## [WHAT YOU HAVE TO DO]
Looking at the records below, say how many lines include "Local", and add nothing else.

## [PROVIDED MATERIAL]

Lemma h_defect_le j :
  opnorm (P1 *m A *m Q j.+1 + Q 0%N *m B1 *m (v k.+1)^T *m Q j.+1
          - Q 0%N *m B1 *m (v k.+1)^T *m Q j.+1)
  <= rho * (opnorm hk + opnorm (dv k.+1) + \sum_(j < k.+1) opnorm (dv j.+1)).
Proof.
rewrite h_defectE; apply: le_trans (opnorm_ritz_le _) _.
rewrite ler_wpM2l ?opnorm_ge0 //.
apply: le_trans (opnorm_last_errors_le _ (opnorm_Q_le1 _)) _; rewrite lerD2r.
apply: le_trans (ler_opnormB _ _) _.
by apply: lerD; apply: le_trans (opnormM_le1r _ (opnorm_Q_le1 _)) _; rewrite opnorm_tr.
Qed.

Variables (c eps : R).
Hypotheses (c_ge0 : 0 <= c) (eps_gt0 : 0 < eps) (eps_le1 : eps <= 1).
Hypothesis dv_le : forall j, (0 < j <= k.+1)%N -> opnorm (dv j) <= c * eps * opnorm A.
Hypothesis vv_le :
  forall j, (j <= k.+1)%N -> opnorm ((v j.+1)^T *m v j.+1 - 1%:M) <= c * eps.
Hypothesis betaFP_le : opnorm betaFP <= c * opnorm A.

Local Notation E := (c * eps * opnorm A).
Local Notation C := (c * (k.+2%:R + c * (2 + c))).

Lemma err_sum_le : opnorm (dv k.+1) + \sum_(j < k.+1) opnorm (dv j.+1) <= k.+2%:R * E.
Proof.
have -> : k.+2%:R * E = E + \sum_(j < k.+1) E.
  by rewrite sumr_const card_ord -mulrS mulr_natl.
apply: lerD; first by apply: dv_le; rewrite leqnn.
by apply: ler_sum => j _; apply: dv_le; exact: ltn_ord.
Qed.

Lemma opnorm_B1_le_normA : opnorm B1 <= c * (2 + c) * opnorm A.
Proof.
have ceps_le : c * eps <= c by rewrite ler_piMr.
have v_le : opnorm (v k.+2) <= 1 + c.
  exact: opnorm_le_near_isometry c_ge0 (le_trans (vv_le (leqnn _)) ceps_le).
have E_le : E <= c * opnorm A by rewrite ler_wpM2r ?opnorm_ge0.
have dvk_le : opnorm (dv k.+1) <= E by apply: dv_le; rewrite leqnn.
apply: le_trans opnorm_B1_le _.
by have := ler_pM (opnorm_ge0 _) (opnorm_ge0 _) v_le betaFP_le; lra.
Qed.

Lemma constE : C * eps * opnorm A = k.+2%:R * E + c * eps * (c * (2 + c) * opnorm A).
Proof. by ring. Qed.

Lemma err_le_const : k.+2%:R * E <= C * eps * opnorm A.
Proof. by rewrite constE lerDl !mulr_ge0 ?addr_ge0 ?opnorm_ge0 ?(ltW eps_gt0). Qed.

Lemma const_ge0 : 0 <= C * eps * opnorm A.
Proof.
apply: le_trans err_le_const.
by rewrite !mulr_ge0 ?opnorm_ge0 ?(ltW eps_gt0).
Qed.

Lemma hk_defect_bound : opnorm (hk - P1 *m v k.+2 *m betaFP) <= C * eps * opnorm A.
Proof.
apply: le_trans hk_defect_le (le_trans _ err_le_const).
apply: le_trans err_sum_le; rewrite lerDl.
by apply: sumr_ge0 => j _; apply: opnorm_ge0.
Qed.

Lemma hk1_defect_bound :
  opnorm (P1 *m (A *m Q 0%N - v k.+1 *m B1^T)
          - - (W *m G *m Sm^T *m rvec k.+1 v *m B1^T))
  <= (1 + rho) * opnorm hk + (1 + rho) * (C * eps * opnorm A).
Proof.
apply: le_trans hk1_defect_le (ler_pM_1addr (opnorm_ge0 _) (opnorm_ge0 _) const_ge0 _).
have vvk_le : opnorm (1%:M - (v k.+1)^T *m v k.+1) <= c * eps.
  by rewrite -opprB opnormN vv_le.
have := ler_pM (opnorm_ge0 _) (opnorm_ge0 _) vvk_le opnorm_B1_le_normA.
by have := err_sum_le; have := opnorm_ge0 hk; rewrite constE; lra.
Qed.

Lemma h_defect_bound j :
  opnorm (P1 *m A *m Q j.+1 + Q 0%N *m B1 *m (v k.+1)^T *m Q j.+1
          - Q 0%N *m B1 *m (v k.+1)^T *m Q j.+1)
  <= (1 + rho) * opnorm hk + (1 + rho) * (C * eps * opnorm A).
Proof.
apply: le_trans (h_defect_le j) (ler_pM_1addr (opnorm_ge0 _) (opnorm_ge0 _) const_ge0 _).
by have := err_sum_le; have := err_le_const; lra.
Qed.

End Continuation.

Theorem theorem5 (R : realType) (n p k : nat) (c : R) :
  (1 <= k)%N -> 0 <= c ->
  exists (C eps0 : R), 0 <= C /\ 0 < eps0 /\
  forall (eps : R) (m : nat) (A : 'M[R]_n) (v : nat -> 'M[R]_(n, p))
    (alpha beta : nat -> 'M[R]_p) (betaFP : 'M[R]_p) (dv : nat -> 'M[R]_(n, p))
    (S Theta : 'M[R]_(\sum_(j < k) p)) (f : 'I_m -> 'I_(\sum_(j < k) p))
    (W : 'M[R]_(n, m)) (Rk : 'M[R]_m)
    (rw : nat -> nat) (Q : forall j : nat, 'M[R]_(n, rw j))
    (B1 : 'M[R]_(rw 0%N, p)) (B : forall j : nat, 'M[R]_(rw j.+1, rw j)),
  0 < eps <= eps0 ->
  (* the finite precision block Lanczos quantities *)
  A^T = A ->
  v 0%N = 0 ->
  A *m blockV k v
    = blockV k v *m blockT k alpha beta + v k.+1 *m betaFP *m ekT R p k
      + \mxrow_(j < k) dv j.+1 ->
  (forall j, (1 <= j <= k)%N -> opnorm (dv j) <= c * eps * opnorm A) ->
  (forall j, (j <= k)%N -> opnorm ((v j.+1)^T *m v j.+1 - 1%:M) <= c * eps) ->
  (forall j, (j < k)%N ->
     opnorm ((v j)^T *m v j.+1 *m beta j.+1) <= c * eps * opnorm A) ->
  opnorm ((v k)^T *m v k.+1 *m betaFP) <= c * eps * opnorm A ->
  opnorm betaFP <= c * opnorm A ->
  (* spectral decomposition T_k = S_k Theta_k S_k^T *)
  S^T *m S = 1%:M -> is_diag_mx Theta ->
  blockT k alpha beta = S *m Theta *m S^T ->
  (* selected linearly independent Ritz vectors and their QR factorization *)
  injective f ->
  let Sm := colsub f S in
  let Zm := blockV k v *m Sm in
  \rank Zm = m ->
  W^T *m W = 1%:M -> is_trig_mx Rk^T -> Zm = W *m Rk ->
  (* the continuation process *)
  let P1 := W *m W^T in
  let P2 := P1 + Q 0%N *m (Q 0%N)^T in
  (forall j, (Q j)^T *m Q j = 1%:M) ->
  let X1 := (1%:M - P1) *m (A *m v k - v k *m alpha k - v k.-1 *m (beta k)^T) in
  Q 0%N *m B1 = X1 -> ((Q 0%N)^T == X1^T)%MS -> row_free B1 ->
  let X2 := (1%:M - P2) *m (A *m Q 0%N - v k *m B1^T) in
  Q 1%N *m B 0%N = X2 -> ((Q 1%N)^T == X2^T)%MS -> row_free (B 0%N) ->
  (forall j,
     let Xj := (1%:M - (P2 + Q j.+1 *m (Q j.+1)^T))
                 *m (A *m Q j.+1 - Q j *m (B j)^T) in
     Q j.+2 *m B j.+1 = Xj /\ ((Q j.+2)^T == Xj^T)%MS /\ row_free (B j.+1)) ->
  (* perturbations *)
  let hk := P1 *m (A *m v k - v k *m alpha k - v k.-1 *m (beta k)^T) in
  let hk1 := P1 *m (A *m Q 0%N - v k *m B1^T) in
  let h := fun j => P1 *m A *m Q j.+1 + Q 0%N *m B1 *m (v k)^T *m Q j.+1 in
  let rho := opnorm (invmx Rk) in
  opnorm (hk - W *m W^T *m v k.+1 *m betaFP) <= C * eps * opnorm A /\
  opnorm (hk1 - (- (W *m (invmx Rk)^T *m Sm^T *m rvec k v *m B1^T)))
    <= (1 + rho) * opnorm hk + (1 + rho) * (C * eps * opnorm A) /\
  (forall j,
    opnorm (h j - Q 0%N *m B1 *m (v k)^T *m Q j.+1)
      <= (1 + rho) * opnorm hk + (1 + rho) * (C * eps * opnorm A)).
Proof.
case: k => // k _ c_ge0.
(* [k.+2 c] accounts for the errors [Delta v_j], [c^2 (2 + c)] for [(I - v_k^T v_k) beta_{k+1}^T]. *)
exists (c * (k.+2%:R + c * (2 + c))), 1.
split; first by rewrite mulr_ge0 // addr_ge0 // mulr_ge0 // addr_ge0.
split=> [|eps m A v alpha beta betaFP dv S Theta f W Rk rw Q B1 B /andP[eps_gt0 eps_le1]
  symA v0 lanczos dv_le vv_le _ _ betaFP_le orthoS diagTheta eigT injf Sm Zm rankZ
  orthoW _ qrZ P1 P2 orthoQ X1 Q0_B1 /andP[Q0_sub _] _ X2 _ /andP[Q1_sub _] _ Q_step
  hk hk1 h rho]; first exact: ltr01.
have Q_sub := fun j => (andP (Q_step j).2.1).1.
(* Plain [exact]: [v k.+1.-1] in the hypotheses matches [v k] only up to conversion. *)
split; [|split].
- exact (hk_defect_bound v0 lanczos orthoW c_ge0 eps_gt0 dv_le).
- exact (hk1_defect_bound symA v0 lanczos orthoS diagTheta eigT injf rankZ orthoW qrZ
    orthoQ Q0_B1 Q0_sub c_ge0 eps_gt0 eps_le1 dv_le vv_le betaFP_le).
- exact (h_defect_bound symA v0 lanczos orthoS diagTheta eigT injf rankZ orthoW qrZ
    orthoQ Q0_B1 Q0_sub Q1_sub Q_sub c_ge0 eps_gt0 dv_le).
Qed.
(* Let $S\subset\mathbb{E}^d$ be a compact set such that $\operatorname{cl}(\operatorname{int} S)=S$ and $\operatorname{int} S$ is connected. Assume that $x\in S$ is a spindle peak of $S$. Then $x\in\ker_{\mathrm{s}} S$ (in particular, $S$ is spindle starshaped).
   Context: For $x,y\in\mathbb{E}^d$ the spindle $[x,y]_{\mathrm{s}}$ is the intersection of all closed unit balls containing $x$ and $y$ if $|x-y|\le2$, and $\mathbb{E}^d$ otherwise. For $p\in S$, $\operatorname{st}_{\mathrm{s}}(p)=\operatorname{st}_{\mathrm{s}}(p,S)=\{q\in S:[p,q]_{\mathrm{s}}\subseteq S\}$; $\ker_{\mathrm{s}}S=\{p\in S:\operatorname{st}_{\mathrm{s}}(p,S)=S\}$; $S$ is spindle starshaped if $\ker_{\mathrm{s}}S\ne\emptyset$. A point $x\in S$ is a spindle peak of $S$ if there is a neighborhood $U$ of $x$ such that $\operatorname{st}_{\mathrm{s}}(x',S)\subseteq\operatorname{st}_{\mathrm{s}}(x,S)$ for every $x'\in U\cap S$. *)

From HB Require Import structures.
From mathcomp Require Import all_boot all_order all_algebra.
From mathcomp Require Import all_classical all_reals all_analysis.
Set Implicit Arguments. Unset Strict Implicit. Unset Printing Implicit Defensive.
Import Order.TTheory GRing.Theory Num.Theory.
Import numFieldNormedType.Exports.
Local Open Scope classical_set_scope.
Local Open Scope ring_scope.

(* Euclidean space E^d is modelled as 'rV[R]_d (R : realType) with its
   standard (product = Euclidean) topology; metric notions use the
   Euclidean norm enorm below. *)
Definition enorm (R : realType) (d : nat) (x : 'rV[R]_d) : R :=
  Num.sqrt (\sum_(i < d) x ord0 i ^+ 2).

Definition unit_cball (R : realType) (d : nat) (c : 'rV[R]_d) : set 'rV[R]_d :=
  [set z | enorm (z - c) <= 1].

Definition spindle (R : realType) (d : nat) (x y : 'rV[R]_d) : set 'rV[R]_d :=
  if enorm (x - y) <= 2 then
    [set z | forall c, unit_cball c x -> unit_cball c y -> unit_cball c z]
  else setT.

Definition spindle_star (R : realType) (d : nat) (p : 'rV[R]_d) (S : set 'rV[R]_d)
  : set 'rV[R]_d := [set q | S q /\ spindle p q `<=` S].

## [WRITTEN RESPONSE]
4